*Task goal*. Give the lines below again exactly, starting with the line that holds "under eq_bigr do rewrite IH." and going on through the line that holds "rewrite !big_tuple_cons; apply: eq_bigr".

*Data to examine*.
Lemma avoid_sym (K : {set T}) : symmetric (avoid K).
Proof. by move=> x y; rewrite /avoid esym; case: (x \in K) (y \in K) => -[]. Qed.

Lemma component_notin (K : {set T}) (a z : T) : z \in component K a -> z \notin K.
Proof. by rewrite inE => /andP []. Qed.

Lemma component_self (K : {set T}) (a : T) : a \notin K -> a \in component K a.
Proof. by move=> aK; rewrite inE aK connect0. Qed.

Lemma component_step (K : {set T}) (a x y : T) :
  x \in component K a -> e x y -> y \notin K -> y \in component K a.
Proof.
rewrite !inE => /andP [xK cax] exy yK; rewrite yK.
by apply: connect_trans cax (connect1 _); rewrite /avoid exy xK yK.
Qed.

Lemma component_connect (K : {set T}) (a x y : T) :
  x \in component K a -> y \in component K a -> connect (avoid K) x y.
Proof.
rewrite !inE => /andP [_ ax] /andP [_ ay].
by apply: connect_trans ay; rewrite (sym_connect_sym (avoid_sym K)).
Qed.

Lemma walk_avoid (K : {set T}) (p : nat -> T) (m : nat) :
  walk e p m -> (forall i, i <= m -> p i \notin K) -> connect (avoid K) (p 0) (p m).
Proof.
elim: m => [|m IH] w pK; first exact: connect0.
apply: connect_trans (IH (walk_prefix w (leqnSn m)) (fun i im => pK i (leqW im))) _.
by apply: connect1; rewrite /avoid w // !pK.
Qed.

Lemma component_disjoint (K : {set T}) (a b : T) :
  component K a != component K b -> [disjoint component K a & component K b].
Proof.
apply: contraR => /pred0Pn [z /andP [/setIdP [_ az] /setIdP [_ bz]]].
have csym := sym_connect_sym (avoid_sym K).
have ab : connect (avoid K) a b by apply: connect_trans az _; rewrite csym.
apply/eqP/setP => w; rewrite !inE; congr (_ && _); apply/idP/idP => h.
- by apply: connect_trans h; rewrite csym.
- exact: connect_trans ab h.
Qed.

End Components.

Section CliqueSeparators.
Variables (T : finType) (e : rel T).
Hypotheses (esym : symmetric e) (eirr : irreflexive e) (echord : chordal e).

(* From any [x] of a component [C] of the graph minus [K] there is a chordless
   walk inside [C] to a vertex adjacent to a given attachment [s] of [C], whose
   last vertex is the only one adjacent to [s]: take a shortest such walk. *)
Lemma attachment_path (K : {set T}) (a x s : T) :
  x \in component e K a -> s \in attach e K (component e K a) ->
  exists k p, [/\ p 0 = x, forall i, i <= k -> p i \in component e K a,
    e (p k) s, forall i, i < k -> ~~ e (p i) s & chordless_walk e p k].
Proof.
set C := component e K a => xC /setIdP [sK /exists_inP [c cC ecs]].
pose P k := exists p, [/\ p 0 = x, walk e p k, forall i, i <= k -> p i \in C & e (p k) s].
have [k [[p [p0 w pC pks]] kmin]] : exists k, P k /\ forall k', k' < k -> ~ P k'.
  apply: classical_ex_minn.
  have [m [p [_ p0 pm w]]] := connect_walk (component_connect esym xC cC).
  have pC i : i <= m -> p i \in C.
    elim: i => [|i IH] im; first by rewrite p0.
    by case/and3P: (w i im) => epi _ pK; apply: component_step (IH (ltnW im)) epi pK.
  by exists m, p; split => // [i im|]; [case/and3P: (w i im) | rewrite pm].
exists k, p; split => // [i ik|]; first apply/negP => h.
  apply: (kmin _ ik); exists p; split => //; first exact: walk_prefix w (ltnW ik).
  by move=> i' i'i; apply: pC; lia.
split => // i l /andP [il lk]; apply/negP => h.
(* Shortcutting the edge [p i -- p l] would give a shorter walk. *)
apply: (kmin (k - (l - i) + 1)); first lia.
exists (fun n => if n <= i then p n else p (n + (l - i) - 1)); split => /=.
- by rewrite p0.
- move=> n nk; case: (ltngtP n i) => [ni|ni|->].
  + by apply: w; lia.
  + by rewrite (_ : n.+1 + (l - i) - 1 = (n + (l - i) - 1).+1); [apply: w|]; lia.
  + by rewrite (_ : i.+1 + (l - i) - 1 = l) //; lia.
- by move=> n nk; case: ifP => _; apply: pC; lia.
- rewrite ifF; last lia.
  by rewrite (_ : k - (l - i) + 1 + (l - i) - 1 = k) //; lia.
Qed.
Lemma dd1_neq0 : dd + 1 != 0.
Proof. by rewrite natr1 pnatr_eq0. Qed.

Lemma kwalksE j x z : kwalks j x z = alpha j + (-1) ^+ j * (x == z)%:R.
Proof.
elim: j x => [|j IH] x /=; first by rewrite /alpha !expr0 subrr mul0r add0r mul1r.
under eq_bigr do rewrite IH.
rewrite sum_neq_indicator big_split /= sum_letters_const.
under eq_bigr do rewrite mulrC; rewrite sum_eq_indicator.
rewrite /alpha !exprS -natr1; field; exact: dd1_neq0.
Qed.

Lemma sum_kautz_ends j (G : A -> A -> rat) :
  \sum_(w : j.+1.-tuple A) (kautz w)%:R * G (head ord0 w) (last ord0 w)
  = \sum_x \sum_z kwalks j x z * G x z.
Proof.
elim: j G => [|j IH] G; rewrite big_tuple_cons; apply: eq_bigr => x _.
  by rewrite big_tuple0 /= mul1r; under eq_bigr do rewrite eq_sym; rewrite sum_eq_indicator.
transitivity (\sum_(w : j.+1.-tuple A) (kautz w)%:R * ((x != head ord0 w)%:R * G x (last ord0 w))).
  apply: eq_bigr => w _.
  by rewrite kautz_cons -mulnb natrM /= (last_cons_tuple _ _ ord0); ring.
rewrite (IH (fun y z => (x != y)%:R * G x z)) exchange_big; apply: eq_bigr => z _ /=.
rewrite big_distrl; apply: eq_bigr => y _ /=.
by rewrite eq_sym; ring.
Qed.

Lemma sum_kautz_split r j (G : seq A -> A -> rat) :
  \sum_(w : (r + j).+1.-tuple A) (kautz w)%:R * G (take r.+1 w) (last ord0 w)
  = \sum_(p : r.+1.-tuple A) \sum_z (kautz p)%:R * kwalks j (last ord0 p) z * G p z.
Proof.
elim: r G => [|r IH] G.
  transitivity (\sum_x \sum_z kwalks j x z * G [:: x] z).
    rewrite -(sum_kautz_ends j (fun x z => G [:: x] z)); apply: eq_bigr => w _.
    by case: w => -[|a s] //= _; rewrite take0.
  rewrite big_tuple_cons; apply: eq_bigr => x _.
  by rewrite big_tuple0; apply: eq_bigr => z _; rewrite mul1r.
rewrite !big_tuple_cons; apply: eq_bigr => x _.
transitivity (\sum_(w : (r + j).+1.-tuple A)
   (kautz w)%:R * ((x != head ord0 (take r.+1 w))%:R * G (x :: take r.+1 w) (last ord0 w))).
  apply: eq_bigr => w _.
  by rewrite kautz_cons head_takeS -mulnb natrM /= (last_cons_tuple _ _ ord0); ring.
rewrite (IH (fun p z => (x != head ord0 p)%:R * G (x :: p) z)); apply: eq_bigr => p _.
apply: eq_bigr => z _.
by rewrite kautz_cons -mulnb natrM /= (last_cons_tuple _ _ ord0); ring.
Qed.

Fixpoint navoid (x : A) (zs : seq A) : rat :=
  if zs is z :: zs' then \sum_y (y != x)%:R * (y != z)%:R * navoid y zs' else 1.

(* [x] is the last letter of the walk and [e] the current first letter. *)
Definition ladder (f : A -> A -> rat) (x e : A) : rat :=
  \sum_y \sum_e' (y != x)%:R * (e' != e)%:R * (y != e')%:R * f y e'.

Lemma navoid_tuple m x (p : m.+1.-tuple A) :
  navoid x p = \sum_y (y != x)%:R * (y != head ord0 p)%:R * navoid y (behead p).
Proof. by case: p => -[]. Qed.

Lemma sum_kautz_navoid t (h : A -> rat) x e :
  \sum_(p : t.+1.-tuple A)
     (head ord0 p == e)%:R * (kautz p)%:R * h (last ord0 p) * navoid x (behead p)
  = iter t ladder (fun _ e => h e) x e.
Proof.
elim: t x e => [|t IH] x e.
  rewrite big_tuple_cons /= -(sum_eq_indicator h e); apply: eq_bigr => y _.
  by rewrite big_tuple0 /= !mulr1.
rewrite iterS /ladder; under [RHS]eq_bigr do under eq_bigr do rewrite -IH big_distrr /=.
transitivity (\sum_(p : t.+1.-tuple A) \sum_y \sum_e' (e' == head ord0 p)%:R *
   ((y != x)%:R * (e' != e)%:R * (y != e')%:R
    * ((kautz p)%:R * h (last ord0 p) * navoid y (behead p)))).
  rewrite big_tuple_cons exchange_big; apply: eq_bigr => p _ /=.
  under eq_bigr do rewrite -!mulrA.
  under [RHS]eq_bigr do rewrite sum_eq_indicator.
  rewrite sum_eq_indicator kautz_cons (last_cons_tuple _ _ ord0) navoid_tuple !big_distrr.
  by apply: eq_bigr => y _; rewrite -mulnb natrM /= [e == _]eq_sym; ring.
rewrite exchange_big; apply: eq_bigr => y _ /=; rewrite exchange_big; apply: eq_bigr => e' _ /=.
by apply: eq_bigr => p _; rewrite [head _ _ == _]eq_sym; ring.
Qed.

Lemma eq_ladder (f g : A -> A -> rat) x e :
  (forall y e', y != e' -> f y e' = g y e') -> ladder f x e = ladder g x e.
Proof.
move=> fg; apply: eq_bigr => y _; apply: eq_bigr => e' _.
have [->|ye] := eqVneq y e'; first by rewrite /= mulr0n mulr0 !mul0r.
by rewrite fg.
Qed.

Lemma ladder_const x e : ladder (fun _ _ => 1) x e = dd ^+ 2 - dd + (x != e)%:R.
Proof.
transitivity (\sum_y (y != x)%:R * (dd - (e != y)%:R)).
  apply: eq_bigr => y _; rewrite -sum_neq2 big_distrr; apply: eq_bigr => e' _ /=.
  by rewrite [e' == y]eq_sym; ring.
rewrite sum_neq_indicator sumrB sum_letters_const.
under eq_bigr do rewrite eq_sym.
by rewrite sum_neq1 -natr1 [e == x]eq_sym; ring.
Qed.

Lemma ladder_ind_last c x e :
  ladder (fun y _ => (y == c)%:R) x e = (c != x)%:R * (dd - (e != c)%:R).
Proof.
rewrite -[RHS](sum_eq_indicator (fun y => (y != x)%:R * (dd - (e != y)%:R))).
apply: eq_bigr => y _; rewrite -sum_neq2 !big_distrr; apply: eq_bigr => e' _ /=.
by rewrite [e' == y]eq_sym; ring.
Qed.

Lemma ladder_ind_first c x e :
  ladder (fun _ e' => (e' == c)%:R) x e = (c != e)%:R * (dd - (x != c)%:R).
Proof.
rewrite -[RHS](sum_eq_indicator (fun e' => (e' != e)%:R * (dd - (x != e')%:R))).
rewrite /ladder exchange_big.
apply: eq_bigr => e' _; rewrite -sum_neq2 !big_distrr; apply: eq_bigr => y _ /=; ring.
Qed.

Lemma ladder_class (K0 K1 K2 : rat) c x e :
  ladder (fun y e' => K0 + K1 * (y == c)%:R + K2 * (e' == c)%:R) x e
  = K0 * (dd ^+ 2 - dd + (x != e)%:R) + K1 * ((c != x)%:R * (dd - (e != c)%:R))
    + K2 * ((c != e)%:R * (dd - (x != c)%:R)).
Proof.
rewrite -ladder_const -ladder_ind_last -ladder_ind_first /ladder !big_distrr -!big_split.
apply: eq_bigr => y _; rewrite !big_distrr -!big_split; apply: eq_bigr => e' _ /=; ring.
Qed.

Definition lam : rat := dd ^+ 2 - dd + 1.

(* Solutions of the linear recurrence that [ladder] induces on the three
   coefficients of a function [K0 + K1 [x = c] + K2 [e = c]]; the matrix of that
   recurrence has eigenvalues [lam], [2 - d] and [- d]. *)
Definition cfar t : rat := (lam ^+ t - (2 - dd) ^+ t) / (dd + 1).
Definition clast t : rat :=
  (lam ^+ t + (dd - 1) * (2 - dd) ^+ t / 2 - (dd + 1) * (- dd) ^+ t / 2) / (dd + 1).
Definition cfirst t : rat :=
  (lam ^+ t + (dd - 1) * (2 - dd) ^+ t / 2 + (dd + 1) * (- dd) ^+ t / 2) / (dd + 1).

Lemma clastS t : clast t.+1 = lam * cfar t + dd * (cfirst t - cfar t).
Proof.
rewrite /clast /cfirst /cfar !exprS /lam; field; exact: dd1_neq0.
Qed.

Lemma cfirstS t : cfirst t.+1 = lam * cfar t + dd * (clast t - cfar t).
Proof.
rewrite /clast /cfirst /cfar !exprS /lam; field; exact: dd1_neq0.
Qed.

Lemma cfarS t :
  cfar t.+1 = lam * cfar t + (dd - 1) * (clast t - cfar t) + (dd - 1) * (cfirst t - cfar t).
Proof.
rewrite /clast /cfirst /cfar !exprS /lam; field; exact: dd1_neq0.
Qed.

Lemma iter_ladder_class t (al be : rat) c (f : A -> A -> rat) :
  (forall x e, x != e -> f x e = al + be * (e == c)%:R) ->
  forall x e, x != e -> iter t ladder f x e =
    al * lam ^+ t
    + be * (cfar t + (clast t - cfar t) * (x == c)%:R + (cfirst t - cfar t) * (e == c)%:R).
Proof.
move=> hf; elim: t => [|t IH] x e xe.
  rewrite /= hf // /cfar /clast /cfirst !expr0 subrr !mul0r !add0r mulr1.
  by congr (_ + _ * _); field; exact: dd1_neq0.
rewrite iterS (@eq_ladder _ (fun y e' => al * lam ^+ t + be * cfar t
    + be * (clast t - cfar t) * (y == c)%:R + be * (cfirst t - cfar t) * (e' == c)%:R))
    => [|y e' ye]; last by rewrite IH //; ring.
rewrite ladder_class xe [lam ^+ t.+1]exprS; case: (eqVneq x c) => [<- | _].
  by rewrite [e == x]eq_sym (negbTE xe) /= clastS /lam; ring.
by case: (eqVneq e c) => _; rewrite /= ?cfirstS ?cfarS /lam; ring.
Qed.

Variable l : nat.

Lemma ck_vertexE (s : l.-tuple A) : (0 < l)%N ->
  ck_vertex s = kautz s && (head ord0 s != last ord0 s).
Proof.
move=> l_gt0; rewrite /ck_vertex /kautz; congr andb.
  apply/forallP/sortedP => [H i lt|H i]; last first.
    by apply/implyP => lt; apply: H; rewrite size_tuple.
  rewrite size_tuple in lt.
  by have := H (Ordinal (ltnW lt)); rewrite /= lt.
by rewrite nth0 -(nth_last ord0) size_tuple.
Qed.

*Answer section*.
under eq_bigr do rewrite IH.
rewrite sum_neq_indicator big_split /= sum_letters_const.
under eq_bigr do rewrite mulrC; rewrite sum_eq_indicator.
rewrite /alpha !exprS -natr1; field; exact: dd1_neq0.
Qed.

Lemma sum_kautz_ends j (G : A -> A -> rat) :
  \sum_(w : j.+1.-tuple A) (kautz w)%:R * G (head ord0 w) (last ord0 w)
  = \sum_x \sum_z kwalks j x z * G x z.
Proof.
elim: j G => [|j IH] G; rewrite big_tuple_cons; apply: eq_bigr => x _.
  by rewrite big_tuple0 /= mul1r; under eq_bigr do rewrite eq_sym; rewrite sum_eq_indicator.
transitivity (\sum_(w : j.+1.-tuple A) (kautz w)%:R * ((x != head ord0 w)%:R * G x (last ord0 w))).
  apply: eq_bigr => w _.
  by rewrite kautz_cons -mulnb natrM /= (last_cons_tuple _ _ ord0); ring.
rewrite (IH (fun y z => (x != y)%:R * G x z)) exchange_big; apply: eq_bigr => z _ /=.
rewrite big_distrl; apply: eq_bigr => y _ /=.
by rewrite eq_sym; ring.
Qed.

Lemma sum_kautz_split r j (G : seq A -> A -> rat) :
  \sum_(w : (r + j).+1.-tuple A) (kautz w)%:R * G (take r.+1 w) (last ord0 w)
  = \sum_(p : r.+1.-tuple A) \sum_z (kautz p)%:R * kwalks j (last ord0 p) z * G p z.
Proof.
elim: r G => [|r IH] G.
  transitivity (\sum_x \sum_z kwalks j x z * G [:: x] z).
    rewrite -(sum_kautz_ends j (fun x z => G [:: x] z)); apply: eq_bigr => w _.
    by case: w => -[|a s] //= _; rewrite take0.
  rewrite big_tuple_cons; apply: eq_bigr => x _.
  by rewrite big_tuple0; apply: eq_bigr => z _; rewrite mul1r.
rewrite !big_tuple_cons; apply: eq_bigr => x _.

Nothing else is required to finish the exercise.